The “waste-free formulary” under development by the Pacific Business Group on Health and reported by Managed Care (“The Few. The Effective. The Cheapest. The Waste-Free Formulary,” August 2018) sounds promising, but ultimately may not deliver the impact to self-insured employers its creators are promising.
In the article, Lauren Vela from the Pacific Business Group on Health says: “We want doctors to have all the information they need at the time of prescribing to select the best and most high-value options for their patients.”
We absolutely agree but are also concerned that the proposed waste-free formulary approach glosses over a critical question: What constitutes “high-value”?
As this and other efforts aim to restrict spending to high-value care, the definition of value plays a central role in determining the care that patients ultimately receive. Clinical effectiveness and cost are not the only factors, though they are clearly of great importance. Patients’ concerns about risks of side effects, clinical demands (such as having to go to an infusion center for hours versus taking a pill), and effects on ability to work, on family, and on caregivers—they all matter.
Most value assessments based on cost effectiveness provide generalized estimates derived from population averages.
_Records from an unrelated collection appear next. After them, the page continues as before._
(* Let $H$ be a nonlocal vertex bialgebra and let $V$ be a nonlocal vertex $H$-module-algebra. Then for all $h,h'\in H$ and $v\in V$, $$Y(h,z+x)Y(h',z)v=Y(Y(h,x)h',z)v,$$ where $Y(h,z+x)$ is expanded in nonnegative powers of $x$.
   Context: All vector spaces are over $\mathbb{C}$. A nonlocal vertex algebra is a vector space $V$ with a linear map $Y(\cdot,x):V\to \mathrm{Hom}(V,V((x)))$, $v\mapsto Y(v,x)=\sum_{n\in\mathbb Z}v_nx^{-n-1}$, and a vector $\mathbf 1\in V$ such that for all $v$: $Y(\mathbf 1,x)v=v$, $Y(v,x)\mathbf 1\in V[[x]]$, $\lim_{x\to0}Y(v,x)\mathbf 1=v$; and for all $u,v,w$ there is $k\ge0$ with $(x_0+x_2)^kY(u,x_0+x_2)Y(v,x_2)w=(x_0+x_2)^kY(Y(u,x_0)v,x_2)w$. A module over a nonlocal vertex algebra $H$ is a vector space $W$ with a linear map $Y_W(\cdot,x):H\to\mathrm{Hom}(W,W((x)))$ such that $Y_W(\mathbf 1,x)=1_W$ and for $a,b\in H$, $w\in W$ there is $l\ge0$ with $(x_0+x_2)^lY_W(a,x_0+x_2)Y_W(b,x_2)w=(x_0+x_2)^lY_W(Y(a,x_0)b,x_2)w$. Binomial expressions $f(x_1\pm x_2)$ are expanded in nonnegative powers of the second variable. A nonlocal vertex bialgebra is a nonlocal vertex algebra $H$ with a coalgebra structure $(\Delta,\varepsilon)$ such that $\Delta:H\to H\otimes H$ and $\varepsilon:H\to\mathbb C$ are homomorphisms of nonlocal vertex algebras ($H\otimes H$ with the tensor product structure $Y(a\otimes b,x)(a'\otimes b')=Y(a,x)a'\otimes Y(b,x)b'$, $\mathbb C$ with $Y(1,x)=1$): $\varepsilon(\mathbf 1)=1$, $\varepsilon(Y(h,x)h')=\varepsilon(h)\varepsilon(h')$, $\Delta(\mathbf 1)=\mathbf 1\otimes\mathbf 1$, $\Delta(Y(h,x)h')=Y(\Delta(h),x)\Delta(h')$. Write $\Delta(h)=\sum h^{(1)}\otimes h^{(2)}$. A nonlocal vertex $H$-module-algebra is a nonlocal vertex algebra $V$ with an $H$-module structure (vertex operators denoted $Y(h,x)$) such that for $h\in H$, $u,v\in V$: $Y(h,x)v\in V\otimes\mathbb C((x))$ (a finite sum $\sum_i v_i f_i(x)$), $Y(h,x)\mathbf 1=\varepsilon(h)\mathbf 1$, and $Y(h,x)Y(u,z)v=\sum Y(Y(h^{(1)},x-z)u,z)Y(h^{(2)},x)v$. *)

From HB Require Import structures.
From mathcomp Require Import all_boot all_order all_algebra.
From mathcomp Require Import complex.
From mathcomp Require Import boolp classical_sets fsbigop reals.
Set Implicit Arguments. Unset Strict Implicit. Unset Printing Implicit Defensive.
Import Order.TTheory GRing.Theory Num.Theory.
Local Open Scope ring_scope.

(* Conventions.
   - The ground field C is the complex numbers R[i] for a real field R : realType.
   - A formal series f(x) = sum_n f_n x^n with coefficients in M is encoded by
     its coefficient function  f : int -> M  (f n = coefficient of x^n).
     A series in two variables is encoded by  int -> int -> M.
   - For a vertex operator, Y u v n is the coefficient of x^n in Y(u,x)v,
     i.e. Y u v n = u_{-n-1} v.
   - Sums over Z, N, N x Z are finitely supported sums (fsbigop); in every
     place where they are used the family has finite support, as in the paper.
   - An element of a tensor product U (x) U is represented by a finite list of
     pure tensors (Sweedler notation); two such lists represent the same
     element iff they agree under every bilinear map (universal property). *)

Section NLVA.
Variable R : realType.
Local Notation C := (R[i]).

Definition laurent (M : zmodType) (f : int -> M) : Prop :=
  exists N : int, forall n, n < N -> f n = 0.

Definition lin (U W : lmodType C) (f : U -> W) : Prop :=
  forall (a : C) u v, f (a *: u + v) = a *: f u + f v.

Definition bilin (U V W : lmodType C) (f : U -> V -> W) : Prop :=
  (forall v, lin (fun u => f u v)) /\ (forall u, lin (f u)).

Definition trilin (U W : lmodType C) (f : U -> U -> U -> W) : Prop :=
  (forall v w, lin (fun u => f u v w)) /\ (forall u w, lin (fun v => f u v w))
  /\ (forall u v, lin (f u v)).

Definition gbinom (n : int) (j : nat) : C :=
  (\prod_(i < j) ((n - (i : nat)%:Z)%:~R : C)) / (j`!)%:R.

(* coefficient of x0^a x2^b in A(x0+x2) f(x2), where A(x) is an operator
   valued series (A m n = coefficient of x^n in A(x)m), f(x2) a series in x2,
   and A(x0+x2) is expanded in nonnegative powers of x2:
   A(x0+x2) = sum_n A_n sum_{j>=0} binom(n,j) x0^(n-j) x2^j. *)
Definition subst_left (M : lmodType C) (A : M -> int -> M) (f : int -> M)
  : int -> int -> M :=
  fun a b => \sum_(j \in [set: nat]) gbinom (a + j%:Z) j *: A (f (b - j%:Z)) (a + j%:Z).

(* multiplication of a two-variable series by (x0+x2)^k *)
Definition mulXpow (M : lmodType C) (k : nat) (G : int -> int -> M)
  : int -> int -> M :=
  fun a b => \sum_(i < k.+1) ('C(k, i))%:R *: G (a - (i : nat)%:Z) (b - (k - i)%N%:Z).

(* weak associativity:  for all a b w there is l >= 0 with
   (x0+x2)^l YM(a,x0+x2) YM(b,x2) w = (x0+x2)^l YM(YA(a,x0)b,x2) w *)
Definition weak_assoc (A M : lmodType C) (YA : A -> A -> int -> A)
  (YM : A -> M -> int -> M) : Prop :=
  forall a b w, exists l : nat, forall p q,
    mulXpow l (subst_left (YM a) (YM b w)) p q
    = mulXpow l (fun p' q' => YM (YA a b p') w q') p q.

Record is_nlva (V : lmodType C) (Y : V -> V -> int -> V) (one : V) : Prop := {
  nlva_bilin : forall n, bilin (fun u v => Y u v n);
  nlva_trunc : forall u v, laurent (Y u v);
  nlva_vac : forall v n, Y one v n = if n == 0 then v else 0;
  nlva_creat : forall v n, n < 0 -> Y v one n = 0;
  nlva_creat0 : forall v, Y v one 0 = v;
  nlva_assoc : weak_assoc Y Y }.

Record is_nlva_module (V : lmodType C) (Y : V -> V -> int -> V) (one : V)
  (W : lmodType C) (YW : V -> W -> int -> W) : Prop := {
  mod_bilin : forall n, bilin (fun a w => YW a w n);
  mod_trunc : forall a w, laurent (YW a w);
  mod_vac : forall w n, YW one w n = if n == 0 then w else 0;
  mod_assoc : weak_assoc Y YW }.

Definition teq2 (H : lmodType C) (s t : seq (H * H)) : Prop :=
  forall (W : lmodType C) (f : H -> H -> W), bilin f ->
    \sum_(p <- s) f p.1 p.2 = \sum_(p <- t) f p.1 p.2.

Definition teq3 (H : lmodType C) (s t : seq (H * H * H)) : Prop :=
  forall (W : lmodType C) (f : H -> H -> H -> W), trilin f ->
    \sum_(p <- s) f p.1.1 p.1.2 p.2 = \sum_(p <- t) f p.1.1 p.1.2 p.2.

(* image under the bilinear map f of the coefficient of x^n in
   Y(s,x)t  for the tensor product nonlocal vertex algebra H (x) H:
   Y(a(x)b,x)(a'(x)b') = Y(a,x)a' (x) Y(b,x)b'. *)
Definition tensY (H W : lmodType C) (Y : H -> H -> int -> H) (f : H -> H -> W)
  (s t : seq (H * H)) (n : int) : W :=
  \sum_(p <- s) \sum_(q <- t) \sum_(i \in [set: int])
     f (Y p.1 q.1 i) (Y p.2 q.2 (n - i)).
Local decision makers, such as employers, need and deserve tailored analyses that keep pace with both scientific developments and emerging health care data sources.
But how do we advance to value assessment?
First, better value measurement must hardwire the patient perspective into all the assessment tools. Patients differ in their personal preferences, progression of illness, and response to treatments. These are all important factors to the overall health and productivity of the covered lives that employers manage. Value assessments should incorporate methods and tools to account for this diversity.
Second, assessing value must be a community activity. Patients, employers, policymakers, payers, providers, and manufacturers all have important contributions to make if we are to move to value-based decision making. No one entity has all the answers to determine value; instead, we need a democratized approach that considers and strives to incorporate all viewpoints.
Third, value assessment must be transparent. An increasing number of organizations are engaged in earnest efforts to identify and measure high-value care, but stakeholders don’t trust one another. Differences of opinion about approach and the methods used to discern value are a healthy part of transforming our conversation from volume to value. Going forward, such analysis should occur in an open-source, visible environment, rather than emerge from an opaque, black-box process. Transparency is a powerful tool for equalizing stakeholder perspective and for accountability. Let’s use it in health care measurement.
Fourth, recipes for value assessment must go beyond cost and evidence of outcomes from clinical trials. Real-world data on patient outcomes are needed to supplement trial evidence and provide insights into how therapies work in patients. Value assessment must incorporate the full spectrum of experience with an intervention. Impact on caregiver burden, absenteeism and productivity, and indirect medical costs are just three data points employers should have at their fingertips when evaluating value.
Eliminating waste in formularies is a laudable goal, and examining cost effectiveness is a good start. But by following the principles described above, value assessment models and tools can be created that better measure therapeutic value and give employers modernized resources to weigh benefit, risk, and costs in a way that reflects how they define value.